According to a recent survey conducted by Topline Securities, 72% of market participants believe the SBP will maintain the current policy rate, a sharp increase from 37% in the last poll. This change in expectations reflects growing anxiety over food inflation and supply chain disruptions caused by the floods. Topline’s analyst, Shankar Talreja, noted that crop damage and logistical hurdles could elevate inflation in the coming months, making a status quo approach more prudent.

Despite the strong consensus for no change, a segment of the market remains hopeful for a rate cut. Around 28% of respondents anticipate some easing, with expectations ranging from a modest 25 basis points cut to a more aggressive 100 basis points reduction. However, analysts argue that the inflationary fallout from the floods makes such moves less likely in the immediate term.

Historical data further supports this cautious outlook. During the 2010–2011 floods, cultivated areas for major crops such as wheat, rice, and cotton contracted by 3–18%, while rice production dropped nearly 30% in FY11, according to the Economic Survey of Pakistan. If similar patterns emerge, inflationary pressures could persist, limiting room for monetary accommodation.

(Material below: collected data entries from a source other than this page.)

Definition mallows_avg (b : seq 'I_n) (x : 'S_n) : R := avg (topk b) (mallows q x).

Definition free_weight (b : seq 'I_n) (x : 'S_n) : R :=
  \sum_(t in topk b) q ^+ free_disc b x t.

Lemma topk_mulr (b : seq 'I_n) (p t : 'S_n) : (forall w, w \in b -> p w = w) ->
  ((t * p)%g \in topk b) = (t \in topk b).
Proof.
move=> pb; rewrite !inE; apply: eq_forallb => i; rewrite permM.
case ib: (i < size b)%N => //=; have pbi : p (nth i b i) = nth i b i by rewrite pb ?mem_nth.
by rewrite -{1}pbi (inj_eq perm_inj).
Qed.

Lemma free_weight_const b x y : free_weight b x = free_weight b y.
Proof.
have [p [p_b pbE p_order]] := relabel_free b x y.
rewrite /free_weight [RHS](reindex_inj (mulIg p)) /=.
by apply: eq_big => [t|t _]; rewrite ?topk_mulr // (free_disc_relabel _ pbE p_order).
Qed.

Lemma mallows_avgE b x : (size b <= n)%N ->
  mallows_avg b x = q ^+ fixed_disc b x * (free_weight b 1%g / #|topk b|%:R).
Proof.
move=> b_le; rewrite /mallows_avg /avg /mallows.
under eq_bigr => t t_b do rewrite (kendall_topk b_le x t_b) exprD.
by rewrite -mulr_sumr -(free_weight_const b x 1%g) mulrA.
Qed.

Lemma avg_antithetic a (phi : 'S_n -> R) :
  avg (topk a) (fun x => phi (antithetic a x)) = avg (topk a) phi.
Proof.
rewrite /avg; congr (_ / _); rewrite [RHS](reindex_inj (mulgI (anti_perm (size a) n))).
by apply: eq_bigl => x; rewrite /= -topk_antithetic.
Qed.

Lemma mallows_avg_antithetic_le (a b : seq 'I_n) : 0 <= q -> q <= 1 ->
    (size a <= n)%N -> (size b <= n)%N ->
  avg (topk a) (fun x => mallows_avg b x * mallows_avg b (antithetic a x)) <=
  avg (topk a) (mallows_avg b) ^+ 2.
Proof.
move=> q_ge0 q_le1 a_le b_le; rewrite expr2 -{2}(avg_antithetic a (mallows_avg b)).
apply: avgM_le_opposite => x y x_a y_a; rewrite !mallows_avgE //.
set c := free_weight _ _ / _.
have c_ge0 : 0 <= c by rewrite divr_ge0 // sumr_ge0 // => t _; rewrite exprn_ge0.
rewrite -!mulrBl mulrACA mulr_le0_ge0 ?(mulr_ge0 c_ge0) //.
by apply: mul_subr_expr_le0 => //; apply: fixed_disc_antithetic.
Qed.
End MallowsTopk.

Section AntitheticPairs.
Variables (R : rcfType) (T : finType) (A : {set T}) (F : T -> R) (ant : T -> T).
Hypotheses (A_gt0 : (0 < #|A|)%N).
Hypothesis avg_ant : forall phi : T -> R, avg A (phi \o ant) = avg A phi.

Lemma avg_half_antithetic : avg A (fun x => (F x + F (ant x)) / 2) = avg A F.
Proof. by rewrite avgZr avgD (avg_ant F); field. Qed.

Lemma avg_half_pair : avg (setX A A) (fun x => (F x.1 + F x.2) / 2) = avg A F.
Proof. by rewrite avgZr avgD avg_setX_fst // avg_setX_snd //; field. Qed.

Lemma avg_sq_half_antithetic_le :
  avg A (fun x => F x * F (ant x)) <= avg A F ^+ 2 ->
  avg A (fun x => ((F x + F (ant x)) / 2) ^+ 2) <=
  avg (setX A A) (fun x => ((F x.1 + F x.2) / 2) ^+ 2).
Proof.
move=> cov_le; pose sq2 := avg A (fun x => F x ^+ 2).
have sq_half (y z : R) : ((y + z) / 2) ^+ 2 = (y ^+ 2 + z ^+ 2 + 2 * (y * z)) / 4.
  by field.
under eq_avg do rewrite sq_half; under [X in _ <= X]eq_avg do rewrite sq_half.
rewrite !avgZr !avgD avgZl (avg_ant (fun x => F x ^+ 2)) -/sq2.
rewrite (avg_setX_fst _ (fun x => F x ^+ 2)) // (avg_setX_snd _ (fun x => F x ^+ 2)) //.
have indep : avg (setX A A) (fun x => F x.1 * F x.2) = avg A F ^+ 2.
  by rewrite avg_setX /=; under eq_avg do rewrite avgZl; rewrite avgZr expr2.
rewrite avgZl indep -/sq2.
by rewrite ler_pM2r ?invr_gt0 ?ltr0n // lerD2l ler_pM2l ?ltr0n.
Qed.
End AntitheticPairs.

Section Estimators.
Variables (R : rcfType) (q : R) (n : nat).
Implicit Types (a b : seq 'I_n).

Definition kernel_anti a b (x y : 'S_n) : R :=
  (mallows q x y + mallows q (antithetic a x) y + mallows q x (antithetic b y)
   + mallows q (antithetic a x) (antithetic b y)) / 4.

Definition kernel_iid (x y : 'S_n * 'S_n) : R :=
  (mallows q x.1 y.1 + mallows q x.2 y.1 + mallows q x.1 y.2 + mallows q x.2 y.2) / 4.

Lemma mallowsC (x y : 'S_n) : mallows q x y = mallows q y x.
Proof. by rewrite /mallows kendallC. Qed.

Lemma kernel_antiC a b x y : kernel_anti b a y x = kernel_anti a b x y.
Proof.
by rewrite /kernel_anti !(mallowsC y) !(mallowsC (antithetic b y)); congr (_ / _); ring.
Qed.

Lemma kernel_iidC x y : kernel_iid y x = kernel_iid x y.
Proof. by rewrite /kernel_iid !(mallowsC y.1) !(mallowsC y.2); congr (_ / _); ring. Qed.

Lemma estimatorE N M (F : 'I_N -> 'I_M -> R) :
  (4 * N * M)%:R^-1 * \sum_i \sum_j F i j = (N * M)%:R^-1 * \sum_i \sum_j (F i j / 4).
Proof.
under [in RHS]eq_bigr do rewrite -mulr_suml.
by rewrite -mulr_suml -mulnA natrM invfM; ring.
Qed.

Lemma X_anti_vstat a b N M w : X_anti q a b (N := N) (M := M) w =
  vstat (fun i (f : {ffun 'I_N -> 'S_n}) => f i) (fun j (g : {ffun 'I_M -> 'S_n}) => g j)
        (kernel_anti a b) w.
Proof.
rewrite /X_anti /estimator estimatorE /vstat; congr (_ * _).
by apply: eq_bigr => i _; apply: eq_bigr => j _; rewrite !ffunE.
Qed.

Lemma X_iid_vstat N M w : @X_iid R q n N M w =
  vstat (fun i (f : {ffun 'I_N -> 'S_n} * {ffun 'I_N -> 'S_n}) => (f.1 i, f.2 i))
        (fun j (g : {ffun 'I_M -> 'S_n} * {ffun 'I_M -> 'S_n}) => (g.1 j, g.2 j)) kernel_iid w.
Proof. by rewrite /X_iid /estimator estimatorE. Qed.

End Estimators.

Section KernelMomentsCompare.
Variables (R : rcfType) (q : R) (n : nat) (a b : seq 'I_n).

Lemma avg_kernel_anti x :
  avg (topk b) (kernel_anti q a b x) =
  (mallows_avg q b x + mallows_avg q b (antithetic a x)) / 2.
Proof.
rewrite /kernel_anti avgZr !avgD (avg_antithetic b (mallows q x)).
by rewrite (avg_antithetic b (mallows q (antithetic a x))) /mallows_avg; field.
Qed.

Hypotheses (a_gt0 : (0 < #|topk a|)%N) (b_gt0 : (0 < #|topk b|)%N).

Lemma avg_kernel_iid x : avg (setX (topk b) (topk b)) (kernel_iid q x) =
  (mallows_avg q b x.1 + mallows_avg q b x.2) / 2.
Proof.
rewrite /kernel_iid avgZr !avgD !(avg_setX_fst _ (mallows q _)) //.
by rewrite !(avg_setX_snd _ (mallows q _)) // /mallows_avg; field.
Qed.

Lemma kernel_mean_anti_iid : kernel_mean (topk a) (topk b) (kernel_anti q a b) =
  kernel_mean (setX (topk a) (topk a)) (setX (topk b) (topk b)) (kernel_iid (n := n) q).
Proof.
rewrite /kernel_mean (eq_avg (in1W avg_kernel_anti)) (eq_avg (in1W avg_kernel_iid)).
by rewrite avg_half_antithetic ?avg_half_pair // => phi; apply: avg_antithetic.
Qed.

Hypotheses (q_ge0 : 0 <= q) (q_le1 : q <= 1) (a_le : (size a <= n)%N) (b_le : (size b <= n)%N).

Lemma row_sq_mean_anti_le : row_sq_mean (topk a) (topk b) (kernel_anti q a b) <=
  row_sq_mean (setX (topk a) (topk a)) (setX (topk b) (topk b)) (kernel_iid (n := n) q).
Proof.
rewrite /row_sq_mean; under eq_avg do rewrite avg_kernel_anti.
under [X in _ <= X]eq_avg do rewrite avg_kernel_iid.
apply: avg_sq_half_antithetic_le => //; first by move=> phi; apply: avg_antithetic.
exact: mallows_avg_antithetic_le.
Qed.
End KernelMomentsCompare.

Lemma col_sq_mean_anti_le (R : rcfType) (q : R) n (a b : seq 'I_n) :
  0 <= q -> q <= 1 -> uniq a -> uniq b ->
  col_sq_mean (topk a) (topk b) (kernel_anti q a b) <=
  col_sq_mean (setX (topk a) (topk a)) (setX (topk b) (topk b)) (kernel_iid (n := n) q).
Proof.
move=> q_ge0 q_le1 a_uniq b_uniq.
rewrite (col_sq_mean_transpose _ _ (kernel_antiC q a b)).
rewrite (col_sq_mean_transpose _ _ (@kernel_iidC _ q n)).
by apply: row_sq_mean_anti_le; rewrite ?topk_gt0 ?size_uniq_ord_le.
Qed.

Section EstimatorMoments.
Variables (R : rcfType) (q : R) (n : nat) (a b : seq 'I_n) (N M : nat).
Hypotheses (a_gt0 : (0 < #|topk a|)%N) (b_gt0 : (0 < #|topk b|)%N).
Hypotheses (N_gt0 : (0 < N)%N) (M_gt0 : (0 < M)%N).

Let A2 := setX (topk a) (topk a).
Let B2 := setX (topk b) (topk b).
Let hA := kernel_anti q a b.
Let hI := kernel_iid (n := n) q.

Let iid_a := samples_pairwise_iid R N a_gt0.
Let iid_b := samples_pairwise_iid R M b_gt0.
Let iid2_a := pairwise_iid_setX iid_a iid_a.
Let iid2_b := pairwise_iid_setX iid_b iid_b.

Lemma mean_antiE : mean_anti q a b N M = kernel_mean (topk a) (topk b) hA.
Proof.
rewrite /mean_anti (eq_avg (in1W (@X_anti_vstat _ q _ a b N M))).
exact: avg_vstat iid_a iid_b N_gt0 M_gt0.
Qed.

Lemma mean_iidE : mean_iid q a b N M = kernel_mean A2 B2 hI.
Proof.
rewrite /mean_iid (eq_avg (in1W (@X_iid_vstat _ q n N M))).
exact: avg_vstat iid2_a iid2_b N_gt0 M_gt0.
Qed.

Lemma V_antiE : V_anti q a b N M = vstat_variance N M (kernel_sq_mean (topk a) (topk b) hA)
  (row_sq_mean (topk a) (topk b) hA) (col_sq_mean (topk a) (topk b) hA)
  (kernel_mean (topk a) (topk b) hA).
Proof.
rewrite /V_anti (eq_variance (in1W (@X_anti_vstat _ q _ a b N M))).
exact: variance_vstat iid_a iid_b N_gt0 M_gt0.
Qed.

Lemma V_iidE : V_iid q a b N M = vstat_variance N M (kernel_sq_mean A2 B2 hI)
  (row_sq_mean A2 B2 hI) (col_sq_mean A2 B2 hI) (kernel_mean A2 B2 hI).
Proof.
rewrite /V_iid (eq_variance (in1W (@X_iid_vstat _ q n N M))).
exact: variance_vstat iid2_a iid2_b N_gt0 M_gt0.
Qed.
End EstimatorMoments.

Unset Implicit Arguments.

Theorem theorem5 (R : rcfType) (q : R) (hq0 : 0 < q) (hq1 : q < 1)
    (n : nat) (a b : seq 'I_n) (ha : uniq a) (hb : uniq b) :
  (forall N M : nat, (0 < N)%N -> (0 < M)%N ->
     mean_anti q a b N M = mean_iid q a b N M) /\
  exists C : R, forall N M : nat, (0 < N)%N -> (0 < M)%N ->
     V_anti q a b N M <= V_iid q a b N M + C / (N * M)%:R.
Proof.
have [a_gt0 b_gt0] := (topk_gt0 ha, topk_gt0 hb).
have [a_le b_le] := (size_uniq_ord_le ha, size_uniq_ord_le hb).
split=> [N M N_gt0 M_gt0|].
  by rewrite mean_antiE // mean_iidE // kernel_mean_anti_iid.
set A2 := setX (topk a) (topk a); set B2 := setX (topk b) (topk b).
pose h := kernel_anti q a b; pose h' := kernel_iid (n := n) q.
exists ((kernel_sq_mean (topk a) (topk b) h - row_sq_mean (topk a) (topk b) h
         - col_sq_mean (topk a) (topk b) h)
      - (kernel_sq_mean A2 B2 h' - row_sq_mean A2 B2 h' - col_sq_mean A2 B2 h')).
move=> N M N_gt0 M_gt0; rewrite V_antiE // V_iidE // kernel_mean_anti_iid //.
apply: vstat_variance_le; first exact: row_sq_mean_anti_le (ltW hq0) (ltW hq1) a_le b_le.
exact: col_sq_mean_anti_le (ltW hq0) (ltW hq1) ha hb.
Qed.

The SBP has already delivered an aggressive round of easing in the past year. Between June 2024 and May 2025, the central bank slashed the policy rate by 11 percentage points, halving it from 22% to 11%. This was initially supported by declining inflation readings and a policy drive to stimulate economic activity. Since then, the central bank has kept rates unchanged in its June and July meetings, considering the current stance suitable for anchoring inflation expectations at 5–7% and supporting growth of 3.25–4.25% in FY26.

Market indicators also align with the expectation of stability. Treasury bill yields in the secondary market and the Karachi Interbank Offered Rate (KIBOR) have remained broadly unchanged since the last MPC meeting, signaling that investors are preparing for a steady policy outlook.

Looking ahead, Topline Research suggests the SBP still has some room to cut rates in the medium term, possibly by 50–100 basis points, once the immediate inflationary risks from floods subside. The research house projects inflation to average between 6–7% for FY26, translating into a real interest rate significantly higher than historical averages. Their target is for the policy rate to reach 10% by June 2026.

On the currency front, Topline’s poll revealed that 50% of participants expect the rupee to settle between Rs285–290 per dollar by December 2025, while 34% see it at Rs282–285. By June 2026, expectations shift towards Rs295–300, reflecting sustained pressure on the currency from external imbalances.

As the MPC prepares to deliberate, the SBP faces a delicate balancing act: safeguarding growth momentum while protecting households from a new wave of inflation driven by climate shocks. The September meeting is unlikely to bring surprises, but the path forward will remain highly dependent on food supply recovery and the broader external environment.